EXERCISE: Return exactly the lines of the records below, starting at the line that contains "Finally alpha_m = d_m" and ending at the line that contains "Proof. intros E.", with both of those lines kept.

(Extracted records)
▽

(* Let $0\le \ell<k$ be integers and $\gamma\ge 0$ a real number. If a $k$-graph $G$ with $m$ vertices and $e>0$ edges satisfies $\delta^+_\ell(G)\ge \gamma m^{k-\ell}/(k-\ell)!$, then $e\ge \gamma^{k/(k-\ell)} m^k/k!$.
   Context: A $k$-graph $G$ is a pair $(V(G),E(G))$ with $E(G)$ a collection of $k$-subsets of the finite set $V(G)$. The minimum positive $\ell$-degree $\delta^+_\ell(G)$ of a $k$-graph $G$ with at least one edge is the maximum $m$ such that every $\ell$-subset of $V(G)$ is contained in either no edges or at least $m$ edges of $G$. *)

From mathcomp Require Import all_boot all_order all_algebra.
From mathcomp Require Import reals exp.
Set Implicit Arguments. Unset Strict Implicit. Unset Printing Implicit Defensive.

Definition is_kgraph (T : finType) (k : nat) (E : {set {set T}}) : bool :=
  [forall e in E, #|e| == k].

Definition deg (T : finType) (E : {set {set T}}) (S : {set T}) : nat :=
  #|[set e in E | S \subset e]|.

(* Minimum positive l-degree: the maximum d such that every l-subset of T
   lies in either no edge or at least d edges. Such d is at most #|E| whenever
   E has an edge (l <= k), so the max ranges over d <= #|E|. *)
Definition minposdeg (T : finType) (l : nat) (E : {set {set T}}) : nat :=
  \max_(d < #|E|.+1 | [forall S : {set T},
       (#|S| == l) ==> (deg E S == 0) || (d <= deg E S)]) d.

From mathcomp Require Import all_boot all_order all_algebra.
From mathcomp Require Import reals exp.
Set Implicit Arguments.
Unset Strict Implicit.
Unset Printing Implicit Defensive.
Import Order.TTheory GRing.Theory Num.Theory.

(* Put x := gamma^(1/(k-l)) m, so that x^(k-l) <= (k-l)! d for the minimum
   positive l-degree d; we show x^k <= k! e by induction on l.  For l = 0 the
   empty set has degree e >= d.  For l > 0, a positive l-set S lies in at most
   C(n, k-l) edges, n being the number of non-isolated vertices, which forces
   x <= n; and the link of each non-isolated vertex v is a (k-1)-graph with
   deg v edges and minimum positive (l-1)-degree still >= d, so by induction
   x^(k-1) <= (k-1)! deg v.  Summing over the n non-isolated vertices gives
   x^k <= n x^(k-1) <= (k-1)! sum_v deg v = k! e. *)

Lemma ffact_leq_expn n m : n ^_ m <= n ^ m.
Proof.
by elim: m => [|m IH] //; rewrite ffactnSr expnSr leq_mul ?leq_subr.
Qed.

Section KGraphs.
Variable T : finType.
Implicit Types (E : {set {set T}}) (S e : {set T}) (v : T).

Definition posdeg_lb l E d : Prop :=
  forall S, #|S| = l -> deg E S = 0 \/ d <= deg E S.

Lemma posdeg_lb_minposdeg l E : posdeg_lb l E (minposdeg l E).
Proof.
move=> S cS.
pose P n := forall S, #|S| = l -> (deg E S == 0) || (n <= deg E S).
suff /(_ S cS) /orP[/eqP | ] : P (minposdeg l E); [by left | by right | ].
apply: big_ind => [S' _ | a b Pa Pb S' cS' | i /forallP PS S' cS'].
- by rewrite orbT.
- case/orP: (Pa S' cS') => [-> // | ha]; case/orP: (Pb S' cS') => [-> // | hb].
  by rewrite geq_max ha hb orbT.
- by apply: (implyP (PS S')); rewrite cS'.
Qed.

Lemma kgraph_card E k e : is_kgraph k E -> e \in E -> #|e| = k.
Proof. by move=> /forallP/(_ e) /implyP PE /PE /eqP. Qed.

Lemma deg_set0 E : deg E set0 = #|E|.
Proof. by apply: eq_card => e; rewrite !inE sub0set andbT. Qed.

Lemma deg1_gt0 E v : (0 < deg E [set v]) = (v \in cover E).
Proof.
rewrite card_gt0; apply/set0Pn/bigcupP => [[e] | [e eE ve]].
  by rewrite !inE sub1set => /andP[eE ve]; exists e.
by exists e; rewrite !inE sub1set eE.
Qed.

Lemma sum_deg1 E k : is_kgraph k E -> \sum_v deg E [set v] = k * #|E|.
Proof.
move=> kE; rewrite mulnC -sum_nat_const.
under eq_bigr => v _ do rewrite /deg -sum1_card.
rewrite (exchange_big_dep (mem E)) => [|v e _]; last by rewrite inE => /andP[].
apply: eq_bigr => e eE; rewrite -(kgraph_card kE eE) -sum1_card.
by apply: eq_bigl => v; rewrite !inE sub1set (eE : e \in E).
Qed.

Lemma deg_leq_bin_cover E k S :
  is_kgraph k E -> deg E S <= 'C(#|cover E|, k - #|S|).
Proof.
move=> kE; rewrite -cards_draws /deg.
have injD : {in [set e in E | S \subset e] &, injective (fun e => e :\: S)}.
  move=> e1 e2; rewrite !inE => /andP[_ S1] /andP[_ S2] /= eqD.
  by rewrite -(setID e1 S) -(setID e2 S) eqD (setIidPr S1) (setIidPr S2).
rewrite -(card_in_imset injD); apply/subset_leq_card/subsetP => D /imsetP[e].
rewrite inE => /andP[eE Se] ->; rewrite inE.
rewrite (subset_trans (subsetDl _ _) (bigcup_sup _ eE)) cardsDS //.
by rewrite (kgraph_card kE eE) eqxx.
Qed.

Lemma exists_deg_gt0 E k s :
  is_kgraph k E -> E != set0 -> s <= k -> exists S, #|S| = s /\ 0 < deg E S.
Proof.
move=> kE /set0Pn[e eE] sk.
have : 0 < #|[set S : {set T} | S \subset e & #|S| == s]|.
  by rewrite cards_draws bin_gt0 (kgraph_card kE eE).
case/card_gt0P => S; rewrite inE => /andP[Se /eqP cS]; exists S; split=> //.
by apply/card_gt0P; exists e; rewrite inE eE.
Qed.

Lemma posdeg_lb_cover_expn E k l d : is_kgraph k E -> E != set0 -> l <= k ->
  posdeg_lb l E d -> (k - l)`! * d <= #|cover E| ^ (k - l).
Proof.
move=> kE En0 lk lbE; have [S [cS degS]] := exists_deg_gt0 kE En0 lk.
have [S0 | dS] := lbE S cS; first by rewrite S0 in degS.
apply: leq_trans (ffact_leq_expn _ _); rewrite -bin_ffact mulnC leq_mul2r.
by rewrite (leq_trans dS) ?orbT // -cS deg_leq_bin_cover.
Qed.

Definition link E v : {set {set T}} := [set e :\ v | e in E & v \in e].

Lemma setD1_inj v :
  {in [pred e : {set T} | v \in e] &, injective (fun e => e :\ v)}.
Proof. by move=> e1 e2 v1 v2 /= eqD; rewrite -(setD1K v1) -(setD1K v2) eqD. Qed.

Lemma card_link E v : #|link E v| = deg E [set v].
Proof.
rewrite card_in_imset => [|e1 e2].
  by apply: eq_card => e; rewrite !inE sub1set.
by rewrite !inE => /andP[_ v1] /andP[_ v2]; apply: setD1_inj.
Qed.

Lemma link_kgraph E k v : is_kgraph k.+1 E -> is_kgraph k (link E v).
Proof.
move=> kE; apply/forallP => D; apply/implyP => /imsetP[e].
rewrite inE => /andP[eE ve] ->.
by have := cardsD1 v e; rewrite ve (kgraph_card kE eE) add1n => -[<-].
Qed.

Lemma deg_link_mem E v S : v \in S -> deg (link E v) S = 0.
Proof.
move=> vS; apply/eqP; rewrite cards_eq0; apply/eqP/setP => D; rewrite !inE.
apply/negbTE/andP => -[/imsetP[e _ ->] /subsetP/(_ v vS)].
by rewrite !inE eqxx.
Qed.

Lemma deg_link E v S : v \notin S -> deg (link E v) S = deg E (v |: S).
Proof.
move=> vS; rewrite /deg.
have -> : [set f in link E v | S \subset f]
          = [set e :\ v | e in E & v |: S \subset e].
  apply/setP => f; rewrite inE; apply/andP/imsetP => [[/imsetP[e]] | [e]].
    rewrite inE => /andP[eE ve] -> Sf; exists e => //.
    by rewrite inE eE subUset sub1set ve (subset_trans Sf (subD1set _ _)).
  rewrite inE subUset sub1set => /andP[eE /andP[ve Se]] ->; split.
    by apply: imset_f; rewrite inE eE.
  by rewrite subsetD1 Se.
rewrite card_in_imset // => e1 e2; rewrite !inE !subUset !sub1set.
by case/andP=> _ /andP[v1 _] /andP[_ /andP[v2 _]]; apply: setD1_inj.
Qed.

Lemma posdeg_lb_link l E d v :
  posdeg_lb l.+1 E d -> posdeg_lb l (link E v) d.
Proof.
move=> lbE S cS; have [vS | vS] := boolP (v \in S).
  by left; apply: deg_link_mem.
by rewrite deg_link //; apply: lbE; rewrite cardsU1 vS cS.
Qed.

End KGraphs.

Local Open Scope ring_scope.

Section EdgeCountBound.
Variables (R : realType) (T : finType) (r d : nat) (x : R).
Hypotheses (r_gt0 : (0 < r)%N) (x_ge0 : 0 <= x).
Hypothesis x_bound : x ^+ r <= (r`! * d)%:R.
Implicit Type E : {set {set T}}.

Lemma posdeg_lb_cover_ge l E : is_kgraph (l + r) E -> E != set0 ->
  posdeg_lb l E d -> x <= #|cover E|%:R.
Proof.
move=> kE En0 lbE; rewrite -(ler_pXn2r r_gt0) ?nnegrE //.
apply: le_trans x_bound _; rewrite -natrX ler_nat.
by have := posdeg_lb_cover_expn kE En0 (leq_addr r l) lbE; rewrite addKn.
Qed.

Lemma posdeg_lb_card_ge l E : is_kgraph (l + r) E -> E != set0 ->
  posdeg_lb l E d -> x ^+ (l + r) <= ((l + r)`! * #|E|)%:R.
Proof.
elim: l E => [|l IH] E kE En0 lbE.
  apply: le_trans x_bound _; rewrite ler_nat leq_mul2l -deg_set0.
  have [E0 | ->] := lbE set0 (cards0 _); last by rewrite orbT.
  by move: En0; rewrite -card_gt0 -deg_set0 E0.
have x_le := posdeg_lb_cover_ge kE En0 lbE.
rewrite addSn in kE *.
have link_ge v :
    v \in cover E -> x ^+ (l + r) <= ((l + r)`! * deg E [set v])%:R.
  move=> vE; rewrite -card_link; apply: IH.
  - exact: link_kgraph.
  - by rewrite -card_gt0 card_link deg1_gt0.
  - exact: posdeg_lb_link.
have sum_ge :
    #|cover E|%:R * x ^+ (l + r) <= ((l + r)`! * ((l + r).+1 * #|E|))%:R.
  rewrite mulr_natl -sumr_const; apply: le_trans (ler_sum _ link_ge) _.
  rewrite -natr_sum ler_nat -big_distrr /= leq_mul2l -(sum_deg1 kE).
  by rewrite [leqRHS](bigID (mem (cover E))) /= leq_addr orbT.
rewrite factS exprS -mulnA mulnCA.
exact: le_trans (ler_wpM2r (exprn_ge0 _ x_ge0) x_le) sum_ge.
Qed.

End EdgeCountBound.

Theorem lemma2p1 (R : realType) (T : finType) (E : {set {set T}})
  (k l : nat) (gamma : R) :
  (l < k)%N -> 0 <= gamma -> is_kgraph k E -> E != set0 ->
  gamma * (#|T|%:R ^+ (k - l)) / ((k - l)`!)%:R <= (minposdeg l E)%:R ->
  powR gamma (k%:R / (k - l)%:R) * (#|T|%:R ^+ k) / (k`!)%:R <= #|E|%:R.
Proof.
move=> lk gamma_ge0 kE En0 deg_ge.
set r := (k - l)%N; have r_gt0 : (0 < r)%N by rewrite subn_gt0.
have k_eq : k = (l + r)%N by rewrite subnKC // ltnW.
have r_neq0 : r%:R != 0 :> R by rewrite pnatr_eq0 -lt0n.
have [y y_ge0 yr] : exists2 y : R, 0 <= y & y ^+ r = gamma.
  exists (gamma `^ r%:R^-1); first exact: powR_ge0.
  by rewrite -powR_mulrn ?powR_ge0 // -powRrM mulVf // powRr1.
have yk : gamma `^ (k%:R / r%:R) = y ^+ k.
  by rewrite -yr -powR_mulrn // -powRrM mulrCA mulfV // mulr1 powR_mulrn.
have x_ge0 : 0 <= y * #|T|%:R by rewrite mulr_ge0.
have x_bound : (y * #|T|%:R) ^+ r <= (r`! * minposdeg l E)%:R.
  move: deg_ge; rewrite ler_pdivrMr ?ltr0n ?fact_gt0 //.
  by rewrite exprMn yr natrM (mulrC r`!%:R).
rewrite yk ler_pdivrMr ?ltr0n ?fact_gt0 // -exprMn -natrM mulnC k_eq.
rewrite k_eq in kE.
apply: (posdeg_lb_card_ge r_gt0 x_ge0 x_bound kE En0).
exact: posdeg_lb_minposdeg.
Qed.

△
▽

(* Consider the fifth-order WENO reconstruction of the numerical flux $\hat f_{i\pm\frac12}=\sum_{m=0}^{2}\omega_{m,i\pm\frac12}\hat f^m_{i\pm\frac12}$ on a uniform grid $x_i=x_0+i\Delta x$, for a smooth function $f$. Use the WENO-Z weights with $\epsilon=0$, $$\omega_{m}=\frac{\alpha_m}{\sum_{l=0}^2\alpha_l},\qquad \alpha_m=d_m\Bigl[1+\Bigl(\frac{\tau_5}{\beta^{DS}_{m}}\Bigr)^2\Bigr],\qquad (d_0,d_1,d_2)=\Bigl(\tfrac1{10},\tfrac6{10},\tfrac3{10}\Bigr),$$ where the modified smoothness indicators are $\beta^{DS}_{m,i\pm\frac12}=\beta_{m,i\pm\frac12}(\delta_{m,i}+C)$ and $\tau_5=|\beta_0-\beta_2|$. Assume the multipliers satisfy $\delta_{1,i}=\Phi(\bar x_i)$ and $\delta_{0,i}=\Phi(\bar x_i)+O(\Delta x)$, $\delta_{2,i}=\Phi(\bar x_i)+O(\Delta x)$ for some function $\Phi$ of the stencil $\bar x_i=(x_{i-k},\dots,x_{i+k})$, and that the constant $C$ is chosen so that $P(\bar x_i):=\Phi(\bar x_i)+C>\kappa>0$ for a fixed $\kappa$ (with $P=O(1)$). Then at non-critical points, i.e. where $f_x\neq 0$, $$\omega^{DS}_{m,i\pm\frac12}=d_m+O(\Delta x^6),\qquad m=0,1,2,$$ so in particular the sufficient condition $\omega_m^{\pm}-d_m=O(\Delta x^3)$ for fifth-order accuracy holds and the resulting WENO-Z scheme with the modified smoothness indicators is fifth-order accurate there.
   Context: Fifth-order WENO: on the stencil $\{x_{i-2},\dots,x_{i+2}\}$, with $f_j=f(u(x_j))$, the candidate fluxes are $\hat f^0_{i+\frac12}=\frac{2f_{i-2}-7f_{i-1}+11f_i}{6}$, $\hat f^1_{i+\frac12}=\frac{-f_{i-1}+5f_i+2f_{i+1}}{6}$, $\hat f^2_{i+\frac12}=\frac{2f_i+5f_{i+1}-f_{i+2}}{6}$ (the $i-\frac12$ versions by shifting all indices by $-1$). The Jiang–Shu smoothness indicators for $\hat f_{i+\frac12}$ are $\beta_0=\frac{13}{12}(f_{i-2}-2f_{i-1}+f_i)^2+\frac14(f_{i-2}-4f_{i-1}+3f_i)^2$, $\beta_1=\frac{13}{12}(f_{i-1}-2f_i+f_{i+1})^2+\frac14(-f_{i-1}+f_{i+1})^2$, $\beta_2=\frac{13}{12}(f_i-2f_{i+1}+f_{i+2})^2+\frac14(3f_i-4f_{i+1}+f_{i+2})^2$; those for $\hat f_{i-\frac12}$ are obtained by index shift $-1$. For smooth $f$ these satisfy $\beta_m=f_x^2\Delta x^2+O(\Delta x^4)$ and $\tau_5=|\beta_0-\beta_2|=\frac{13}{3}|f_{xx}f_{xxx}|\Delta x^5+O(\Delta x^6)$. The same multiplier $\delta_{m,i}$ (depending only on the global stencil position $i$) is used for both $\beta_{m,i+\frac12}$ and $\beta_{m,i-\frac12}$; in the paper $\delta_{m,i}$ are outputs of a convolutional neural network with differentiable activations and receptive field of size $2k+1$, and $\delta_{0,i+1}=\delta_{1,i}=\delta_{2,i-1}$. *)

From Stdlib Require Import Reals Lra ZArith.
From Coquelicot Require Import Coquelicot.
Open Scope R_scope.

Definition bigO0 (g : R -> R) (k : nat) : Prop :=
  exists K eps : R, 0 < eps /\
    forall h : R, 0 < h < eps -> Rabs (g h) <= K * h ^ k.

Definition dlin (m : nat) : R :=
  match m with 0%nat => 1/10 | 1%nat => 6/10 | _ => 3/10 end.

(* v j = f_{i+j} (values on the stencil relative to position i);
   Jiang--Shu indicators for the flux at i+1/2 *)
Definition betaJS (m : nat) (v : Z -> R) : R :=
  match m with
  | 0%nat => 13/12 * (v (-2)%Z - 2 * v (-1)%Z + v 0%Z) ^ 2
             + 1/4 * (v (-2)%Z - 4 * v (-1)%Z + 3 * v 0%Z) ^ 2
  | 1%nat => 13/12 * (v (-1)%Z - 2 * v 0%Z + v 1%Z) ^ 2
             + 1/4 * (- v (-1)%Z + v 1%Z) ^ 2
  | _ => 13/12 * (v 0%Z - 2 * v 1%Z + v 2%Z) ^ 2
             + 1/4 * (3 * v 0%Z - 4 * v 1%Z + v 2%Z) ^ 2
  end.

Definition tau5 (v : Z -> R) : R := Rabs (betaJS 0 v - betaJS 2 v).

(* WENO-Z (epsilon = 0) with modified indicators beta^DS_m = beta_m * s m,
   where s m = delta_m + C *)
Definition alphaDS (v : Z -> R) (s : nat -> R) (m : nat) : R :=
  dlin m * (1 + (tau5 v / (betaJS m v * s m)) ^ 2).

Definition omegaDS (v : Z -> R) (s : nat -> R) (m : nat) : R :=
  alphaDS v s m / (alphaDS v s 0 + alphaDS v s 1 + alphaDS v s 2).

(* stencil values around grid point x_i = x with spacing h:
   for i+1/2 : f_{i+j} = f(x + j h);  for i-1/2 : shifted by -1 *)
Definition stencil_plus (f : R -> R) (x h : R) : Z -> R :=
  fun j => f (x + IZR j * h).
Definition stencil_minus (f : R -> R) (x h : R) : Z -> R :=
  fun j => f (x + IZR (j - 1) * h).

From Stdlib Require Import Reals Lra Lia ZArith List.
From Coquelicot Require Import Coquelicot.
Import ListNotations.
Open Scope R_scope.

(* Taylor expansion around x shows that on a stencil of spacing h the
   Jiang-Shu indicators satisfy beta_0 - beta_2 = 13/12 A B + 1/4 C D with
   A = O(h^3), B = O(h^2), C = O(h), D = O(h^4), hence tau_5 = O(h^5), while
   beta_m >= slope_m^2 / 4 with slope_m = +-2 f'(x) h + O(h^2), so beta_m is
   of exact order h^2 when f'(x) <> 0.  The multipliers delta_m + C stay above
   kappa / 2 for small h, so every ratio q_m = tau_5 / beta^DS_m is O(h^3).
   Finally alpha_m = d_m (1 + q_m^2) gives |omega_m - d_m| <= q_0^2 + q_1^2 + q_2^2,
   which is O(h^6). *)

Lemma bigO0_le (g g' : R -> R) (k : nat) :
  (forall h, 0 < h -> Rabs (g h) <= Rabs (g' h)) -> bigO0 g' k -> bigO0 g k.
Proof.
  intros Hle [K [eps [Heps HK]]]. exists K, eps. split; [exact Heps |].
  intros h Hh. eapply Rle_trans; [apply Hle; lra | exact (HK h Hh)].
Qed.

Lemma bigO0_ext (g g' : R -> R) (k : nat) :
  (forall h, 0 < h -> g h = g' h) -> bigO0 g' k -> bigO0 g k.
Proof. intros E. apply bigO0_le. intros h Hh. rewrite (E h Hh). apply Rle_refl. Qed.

△

RESPONSE BELOW:
   Finally alpha_m = d_m (1 + q_m^2) gives |omega_m - d_m| <= q_0^2 + q_1^2 + q_2^2,
   which is O(h^6). *)

Lemma bigO0_le (g g' : R -> R) (k : nat) :
  (forall h, 0 < h -> Rabs (g h) <= Rabs (g' h)) -> bigO0 g' k -> bigO0 g k.
Proof.
  intros Hle [K [eps [Heps HK]]]. exists K, eps. split; [exact Heps |].
  intros h Hh. eapply Rle_trans; [apply Hle; lra | exact (HK h Hh)].
Qed.

Lemma bigO0_ext (g g' : R -> R) (k : nat) :
  (forall h, 0 < h -> g h = g' h) -> bigO0 g' k -> bigO0 g k.
Proof. intros E. apply bigO0_le. intros h Hh. rewrite (E h Hh). apply Rle_refl. Qed.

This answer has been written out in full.